Следовательно, соглашение об управлении партнерством не может рассматриваться как корпоративный договор: оно не носит обязательственно-правовой характер, а является корпоративным актом. К слову, об опасности для гражданского оборота конструкции ХП и о том, что на самом деле введение этой организационно-правовой формы выгодно крупному бизнесу, высказывались лучшие специалисты в области гражданского права <1>. ——————————— <1> См., например: Экспертное заключение на проекты Федеральных законов N 557159-5 «О хозяйственных партнерствах» и N 557168-5 «О внесении изменений в часть первую Гражданского кодекса Российской Федерации в связи с принятием Федерального закона «О хозяйственных партнерствах» // Вестник гражданского права. 2011. Т. 11. N 4. С. 211 — 223; Суханов Е. А. Хозяйственные партнерства: за и против // Законодательство. 2012. N 1. С. 6 — 10; Маковский А. Л. Даже в отношениях между предпринимателями свобода договора не может быть безграничной // Вестник ФАС Московского округа. 2011. N 4. С. 12 — 13; Хозяйственные партнерства в России // Закон. 2012. N 1. С. 19 — 29; Ломакин Д. В. Хозяйственные партнерства и параллельная «реформа» гражданского законодательства // Вестник ВАС РФ. 2012. N 4. С. 57 — 77 и др.

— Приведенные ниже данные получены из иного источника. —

(* Let $\Gamma$ be a hyperbolic group with finite generating set $S$ and let $A$ be a subgroup of $\Gamma$ containing a free subgroup of rank two. There are $\alpha\geqslant0$ and $a_1,a_2\in A$ such that $$|\gamma|_S\leqslant 3\max\{l_S(\gamma),l_S(a_1\gamma),l_S(a_2\gamma)\}+\alpha\quad\text{for all }\gamma\in\Gamma.$$
   Context: $|\gamma|_S$ is the word length and $l_S(\gamma)=\min_{g\in\Gamma}|g\gamma g^{-1}|_S$ the translation length of $\gamma$ on the Cayley graph $C_S(\Gamma)$. *)

From Stdlib Require Import Reals List ClassicalEpsilon.
Set Implicit Arguments.

Record Grp := {
  carrier :> Type;
  gmul : carrier -> carrier -> carrier;
  ginv : carrier -> carrier;
  gone : carrier;
  gmulA : forall x y z, gmul x (gmul y z) = gmul (gmul x y) z;
  gmul1 : forall x, gmul gone x = x;
  gmulV : forall x, gmul (ginv x) x = gone
}.
Arguments gmul {_}.
Arguments ginv {_}.

Local Open Scope R_scope.
Section GroupDefs.
Variable G : Grp.
Variable S : list G.

Definition wprod (w : list G) : G := fold_right (@gmul G) (@gone G) w.

Definition is_word (w : list G) : Prop :=
  Forall (fun x => In x S \/ In (ginv x) S) w.

Definition generates : Prop :=
  forall g : G, exists w, is_word w /\ wprod w = g.

Definition is_least (P : nat -> Prop) (n : nat) : Prop :=
  P n /\ forall m, P m -> (n <= m)%nat.

Definition word_length (g : G) : nat :=
  epsilon (inhabits 0%nat)
    (is_least (fun n => exists w, is_word w /\ length w = n /\ wprod w = g)).

Definition transl_length (g : G) : nat :=
  epsilon (inhabits 0%nat)
    (is_least (fun n => exists h : G,
        word_length (gmul (gmul h g) (ginv h)) = n)).

(* word metric (metric of the Cayley graph restricted to vertices) *)
Definition word_dist (x y : G) : R := INR (word_length (gmul (ginv x) y)).

Definition gromov_prod (w x y : G) : R :=
  (word_dist w x + word_dist w y - word_dist x y) / 2.

Definition hyperbolic_wrt : Prop :=
  exists delta : R, 0 <= delta /\
    forall w x y z : G,
      gromov_prod w x z >= Rmin (gromov_prod w x y) (gromov_prod w y z) - delta.
End GroupDefs.

Definition is_subgroup (G : Grp) (A : G -> Prop) : Prop :=
  A (gone G) /\ (forall x y, A x -> A y -> A (gmul x y)) /\
  (forall x, A x -> A (ginv x)).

Далее А. А. Ремезков указывает на то, что якобы участие общества в корпоративном договоре могло бы служить «дополнительной степенью защиты», обеспечивающей надлежащее исполнение корпоративного договора. Этот довод также представляется несостоятельным: непонятно, каким образом участие общества обеспечит исполнение сторонами договора своих обязанностей. Ведь само по себе общество не может физически совершать те или иные действия во исполнение договора: в любом случае действуют от имени общества его органы управления. В связи с чем и с использованием каких механизмов можно гарантировать, что орган управления обществом обеспечит исполнение обязательств по корпоративному договору? Мало того, что эти органы сами могут не исполнить своих обязанностей, они к тому же не смогут применить какие-либо меры воздействия на других нарушителей соглашения, так как договор носит обязательственно-правовой характер и его нарушение влечет лишь обязанность возместить убытки (и уплатить неустойку в случае, если она предусмотрена соглашением). Невозможно таким договором предоставить, например, дополнительные права единоличному исполнительному органу общества по применению принудительных мер к нарушителю соглашения. Свои поправки представил и депутат Е. А. Федоров, но они дословно повторяют предложения Минэкономразвития России и группы по созданию МФЦ. Свою поправку, касающуюся субъектного состава корпоративного договора, внес сенатор Д. Н. Ананьев. По его мнению, необходимо предоставить возможность лицу, заключившему договор о приобретении акций акционерного общества, быть стороной корпоративного соглашения. Для такого лица корпоративный договор вступает в силу с момента перехода к нему прав на акции. Как уже указывалось выше, еще до принятия Федерального закона «Об акционерных обществах» Совет в своем Экспертном заключении высказался о принципиальной допустимости участия в акционерном соглашении потенциальных акционеров. Такая возможность представляется безопасной для гражданского оборота с учетом того, что до момента приобретения акций сторона договора не имеет возможности влиять на управление обществом, и при условии достаточных гарантий публичности соглашения.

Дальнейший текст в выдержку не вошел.